Большинство местных жителей, разноязычных выходцев из южных провинций Китая, были, впрочем, отходниками, не собиравшимися пускать корней на новом месте. По наблюдению того же Гончарова, в Сингапуре «на всем лежит печать случайности и необходимости, вынужденной обстоятельствами», а в здешней толпе «нет самой живой ее половины, ее цвета, роскоши — женщин». На рубеже веков китайская реэмиграция из Британской Малайи и ее главного Города (где находили применение своим силам одновременно около миллиона китайцев) составляла ни много ни мало 75–85 %. И хотя иммигранты неизбежно заносили с собой в Сингапур элементы присущей им культуры, город для них долгое время оставался всего лишь становищем, где что есть силы «зашибают деньгу» и не тратят времени на нужные согласно Александру Блоку, одним лишь сочинителям
…рифмованные и нерифмованные
Речи о земле и о небе.
В XX веке картина меняется. Все больше иммигрантов оседают в Сингапуре, вчерашние купцы, подчиняясь диктату времени, преображаются в заправских капиталистов, кули становятся пролетариями, нарождается, наконец, и местная интеллигенция. Переведенный в Малайю из революционной России Брюс Локкарт описывает «целую армию» сингапурцев, «обрядившихся в белые тиковые пиджаки и брюки — прежние атрибуты европейцев — и спешащих на своих велосипедах в ведомства, школы, больницы и прочие учреждения, где находят работу представители среднего класса». Нетрудно догадаться, что эти «образованные азиаты», среди которых Локкарт наметанным глазом усматривает будущих коммунистических агитаторов, в основном были китайцами.

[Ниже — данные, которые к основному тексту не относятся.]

Lemma rapid_sequence (c : X) eps (Sp : nat -> X -> (X -> Prop) -> (X -> nat) -> Prop) :
  0 < eps ->
  (forall k rho, 0 < rho -> exists z Q g, z <> c /\ d c z < rho /\ Sp k z Q g) ->
  exists zs Qs gs, d c (zs 0%nat) < eps /\
    forall k, zs k <> c /\ d c (zs (S k)) <= d c (zs k) / 10 /\ Sp k (zs k) (Qs k) (gs k).
Proof.
  intros Heps H.
  pose (spec := fun (kr : nat * R) (t : X * (X -> Prop) * (X -> nat)) =>
    0 < snd kr -> fst (fst t) <> c /\ d c (fst (fst t)) < snd kr /\
                  Sp (fst kr) (fst (fst t)) (snd (fst t)) (snd t)).
  destruct (choice spec) as [sel Hsel].
  { intros [k rho]. destruct (Rlt_or_le 0 rho) as [Hr|Hr].
    - destruct (H k rho Hr) as [z [Q [g Hz]]]. exists (z, Q, g). intros _. exact Hz.
    - exists (c, fun _ => False, fun _ => 0%nat). intro; simpl in *; lra. }
  pose (rad := fix rad k :=
          match k with O => eps | S k' => d c (fst (fst (sel (k', rad k')))) / 10 end).
  set (zs := fun k => fst (fst (sel (k, rad k)))).
  assert (Hrad : forall k, 0 < rad k).
  { induction k as [|k IH]; [exact Heps|].
    destruct (Hsel (k, rad k) IH) as [Hz _].
    change (0 < d c (zs k) / 10). pose proof (dist_gt0 d Hd c (zs k) (not_eq_sym Hz)). lra. }
  exists zs, (fun k => snd (fst (sel (k, rad k)))), (fun k => snd (sel (k, rad k))).
  split; [apply (Hsel (0%nat, eps) Heps)|].
  intro k. destruct (Hsel (k, rad k) (Hrad k)) as [Hz [_ HS]].
  destruct (Hsel (S k, rad (S k)) (Hrad (S k))) as [_ [Hr _]].
  repeat split; auto. apply Rlt_le, Hr.
Qed.

Record glued_family (W : nat -> X -> (X -> Prop) -> (X -> nat) -> Prop) (v : nat)
    (c : X) (Q : X -> Prop) (G : X -> nat) : Prop := {
  glued_family_center : G c = v;
  glued_family_cover : forall (T : X -> nat -> R) e b p,
    Dder d (fun z => T z (G z)) e b Q p -> p = c \/
    exists n z Q' g, W n z Q' g /\ Dder d (fun z => T z (g z)) e b Q' p /\ G p = g p;
  glued_family_dense : forall n rho, 0 < rho ->
    exists z Q' g, W n z Q' g /\ d c z < rho /\ forall p, Q' p -> Q p /\ G p = g p }.

(* The pieces sit around points z_k -> c with d c z_(k+1) <= d c z_k / 10, hence in disjoint
   annuli, so derivatives of the glued set are computed piecewise; [cyc] makes every index n
   recur infinitely often along the sequence. *)
Lemma localizable_glue (c : X) (v : nat) (W : nat -> X -> (X -> Prop) -> (X -> nat) -> Prop) :
  (forall n rho, 0 < rho -> exists z, z <> c /\ d c z < rho /\ localizable d (W n) z) ->
  localizable d (glued_family W v) c.
Proof.
  intros H eps Heps.
  destruct (rapid_sequence c (eps / 2) (fun k z Q g =>
      closed d Q /\ (forall p, Q p -> d z p < d c z / 10) /\ W (cyc k) z Q g))
    as [zs [Qs [gs [H0 Hk]]]]; [lra| |].
  { intros k rho Hrho. destruct (H (cyc k) rho Hrho) as [z [Hz [Hcz Hloc]]].
    destruct (Hloc (d c z / 10)) as [Q [g HQ]].
    { pose proof (dist_gt0 d Hd c z (not_eq_sym Hz)). lra. }
    exists z, Q, g. auto. }
  assert (Hneq : forall k, zs k <> c) by apply Hk.
  assert (Hdec : forall k, d c (zs (S k)) <= d c (zs k) / 10) by apply Hk.
  assert (Hsmall : forall k p, Qs k p -> d (zs k) p < d c (zs k) / 10) by apply Hk.
  assert (Hcl : forall k, closed d (Qs k)) by apply Hk.
  exists (glued c Qs), (glued_fun Qs gs v).
  split; [apply (glued_closed d Hd c zs Qs Hneq Hdec Hsmall Hcl)|]. split.
  { intros p Hp. pose proof (glued_ball d Hd c zs Qs Hneq Hdec Hsmall p Hp). lra. }
  split.
  - eapply (glued_fun_center d Hd c zs Qs); eauto.
  - intros T e b p Hp.
    destruct (glued_Dder_piece d Hd c zs Qs Hneq Hdec Hsmall gs v T e b p Hp)
      as [|[k [HDk Hgk]]]; [left; auto | right].
    exists (cyc k), (zs k), (Qs k), (gs k). repeat split; auto. apply Hk.
  - intros n rho Hrho. destruct (zs_revisits d Hd c zs Hneq Hdec n rho Hrho) as [k [<- Hr]].
    exists (zs k), (Qs k), (gs k). repeat split; auto; [apply Hk | right; eauto |].
    eapply (glued_fun_piece d Hd c zs Qs); eauto.
Qed.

Правда, далеко не все молодые китайцы, отказавшиеся от навязанных их предкам кос и традиционной одежды, получили образование по британским образцам, как это представлялось Локкарту. Многие из них окончили китайские школы которые размножились при содействии китайских революционеров, находившихся в сингапурской эмиграции (несколько лет провел здесь и Сунь Ятсен, в 1911 г. провозглашенный первым временным президентом Китайской республики). В этих школах юнцов, с детства говоривших на фу-цзяньском, кантонском и некоторых других диалектах, обучали общекитайскому («мандаринскому») литературному языку. Ученики китайских школ становились читателями появляющихся здесь местных китайскоязычных газет (с их литературными приложениями) и литературных журналов. Опираясь на новую образованную прослойку, в Сингапуре развивается в 20–30-х годах своеобразная «южноморская» (наньянская) литература, которая находит спрос и в других городах Малайи [2].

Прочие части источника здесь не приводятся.